DATA PROVIDED Start Marker

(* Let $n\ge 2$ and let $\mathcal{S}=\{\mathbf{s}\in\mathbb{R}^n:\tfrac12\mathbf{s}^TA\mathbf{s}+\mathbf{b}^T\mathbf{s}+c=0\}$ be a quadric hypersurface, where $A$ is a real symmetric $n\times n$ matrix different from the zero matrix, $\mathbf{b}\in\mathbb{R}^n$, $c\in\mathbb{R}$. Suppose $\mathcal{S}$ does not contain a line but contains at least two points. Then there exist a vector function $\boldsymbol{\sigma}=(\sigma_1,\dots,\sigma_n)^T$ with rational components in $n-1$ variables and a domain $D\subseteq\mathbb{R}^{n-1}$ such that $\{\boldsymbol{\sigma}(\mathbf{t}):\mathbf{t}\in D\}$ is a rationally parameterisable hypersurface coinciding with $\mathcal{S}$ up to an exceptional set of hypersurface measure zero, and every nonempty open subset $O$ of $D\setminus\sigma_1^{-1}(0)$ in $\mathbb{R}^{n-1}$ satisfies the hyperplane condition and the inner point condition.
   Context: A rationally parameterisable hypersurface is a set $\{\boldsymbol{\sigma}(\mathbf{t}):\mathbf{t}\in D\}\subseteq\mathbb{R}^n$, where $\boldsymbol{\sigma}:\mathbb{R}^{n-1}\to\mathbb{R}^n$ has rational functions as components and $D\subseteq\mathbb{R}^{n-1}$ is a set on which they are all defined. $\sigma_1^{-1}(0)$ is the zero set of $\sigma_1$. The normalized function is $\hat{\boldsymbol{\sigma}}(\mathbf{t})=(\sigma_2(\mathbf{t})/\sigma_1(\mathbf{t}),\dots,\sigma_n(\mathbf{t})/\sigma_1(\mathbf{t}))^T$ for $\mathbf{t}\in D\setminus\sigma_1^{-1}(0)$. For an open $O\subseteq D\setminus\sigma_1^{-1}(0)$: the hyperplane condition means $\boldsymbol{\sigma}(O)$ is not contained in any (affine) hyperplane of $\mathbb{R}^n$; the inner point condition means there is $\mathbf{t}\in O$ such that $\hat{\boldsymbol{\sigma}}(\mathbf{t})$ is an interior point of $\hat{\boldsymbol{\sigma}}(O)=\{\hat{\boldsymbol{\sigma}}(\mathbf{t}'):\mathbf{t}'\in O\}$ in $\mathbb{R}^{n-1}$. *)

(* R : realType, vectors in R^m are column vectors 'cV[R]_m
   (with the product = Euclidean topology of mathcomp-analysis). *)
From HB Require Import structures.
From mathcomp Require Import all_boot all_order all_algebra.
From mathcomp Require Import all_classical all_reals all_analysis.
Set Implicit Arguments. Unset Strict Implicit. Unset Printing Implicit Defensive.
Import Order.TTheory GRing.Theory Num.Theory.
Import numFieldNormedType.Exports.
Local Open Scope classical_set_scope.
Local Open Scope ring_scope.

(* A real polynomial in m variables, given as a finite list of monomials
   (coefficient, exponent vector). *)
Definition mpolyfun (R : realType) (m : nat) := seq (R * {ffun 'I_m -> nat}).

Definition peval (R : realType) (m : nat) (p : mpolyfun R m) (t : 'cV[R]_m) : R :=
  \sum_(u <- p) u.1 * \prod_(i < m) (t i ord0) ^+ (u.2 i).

DATA PROVIDED End Marker

### [TASK DESCRIPTION]
Make a word-for-word copy of the records.

### [OUTPUT FOR THIS TASK]
(* Let $n\ge 2$ and let $\mathcal{S}=\{\mathbf{s}\in\mathbb{R}^n:\tfrac12\mathbf{s}^TA\mathbf{s}+\mathbf{b}^T\mathbf{s}+c=0\}$ be a quadric hypersurface, where $A$ is a real symmetric $n\times n$ matrix different from the zero matrix, $\mathbf{b}\in\mathbb{R}^n$, $c\in\mathbb{R}$. Suppose $\mathcal{S}$ does not contain a line but contains at least two points. Then there exist a vector function $\boldsymbol{\sigma}=(\sigma_1,\dots,\sigma_n)^T$ with rational components in $n-1$ variables and a domain $D\subseteq\mathbb{R}^{n-1}$ such that $\{\boldsymbol{\sigma}(\mathbf{t}):\mathbf{t}\in D\}$ is a rationally parameterisable hypersurface coinciding with $\mathcal{S}$ up to an exceptional set of hypersurface measure zero, and every nonempty open subset $O$ of $D\setminus\sigma_1^{-1}(0)$ in $\mathbb{R}^{n-1}$ satisfies the hyperplane condition and the inner point condition.
   Context: A rationally parameterisable hypersurface is a set $\{\boldsymbol{\sigma}(\mathbf{t}):\mathbf{t}\in D\}\subseteq\mathbb{R}^n$, where $\boldsymbol{\sigma}:\mathbb{R}^{n-1}\to\mathbb{R}^n$ has rational functions as components and $D\subseteq\mathbb{R}^{n-1}$ is a set on which they are all defined. $\sigma_1^{-1}(0)$ is the zero set of $\sigma_1$. The normalized function is $\hat{\boldsymbol{\sigma}}(\mathbf{t})=(\sigma_2(\mathbf{t})/\sigma_1(\mathbf{t}),\dots,\sigma_n(\mathbf{t})/\sigma_1(\mathbf{t}))^T$ for $\mathbf{t}\in D\setminus\sigma_1^{-1}(0)$. For an open $O\subseteq D\setminus\sigma_1^{-1}(0)$: the hyperplane condition means $\boldsymbol{\sigma}(O)$ is not contained in any (affine) hyperplane of $\mathbb{R}^n$; the inner point condition means there is $\mathbf{t}\in O$ such that $\hat{\boldsymbol{\sigma}}(\mathbf{t})$ is an interior point of $\hat{\boldsymbol{\sigma}}(O)=\{\hat{\boldsymbol{\sigma}}(\mathbf{t}'):\mathbf{t}'\in O\}$ in $\mathbb{R}^{n-1}$. *)

(* R : realType, vectors in R^m are column vectors 'cV[R]_m
   (with the product = Euclidean topology of mathcomp-analysis). *)
From HB Require Import structures.
From mathcomp Require Import all_boot all_order all_algebra.
From mathcomp Require Import all_classical all_reals all_analysis.
Set Implicit Arguments. Unset Strict Implicit. Unset Printing Implicit Defensive.
Import Order.TTheory GRing.Theory Num.Theory.
Import numFieldNormedType.Exports.
Local Open Scope classical_set_scope.
Local Open Scope ring_scope.

(* A real polynomial in m variables, given as a finite list of monomials
   (coefficient, exponent vector). *)
Definition mpolyfun (R : realType) (m : nat) := seq (R * {ffun 'I_m -> nat}).

Definition peval (R : realType) (m : nat) (p : mpolyfun R m) (t : 'cV[R]_m) : R :=
  \sum_(u <- p) u.1 * \prod_(i < m) (t i ord0) ^+ (u.2 i).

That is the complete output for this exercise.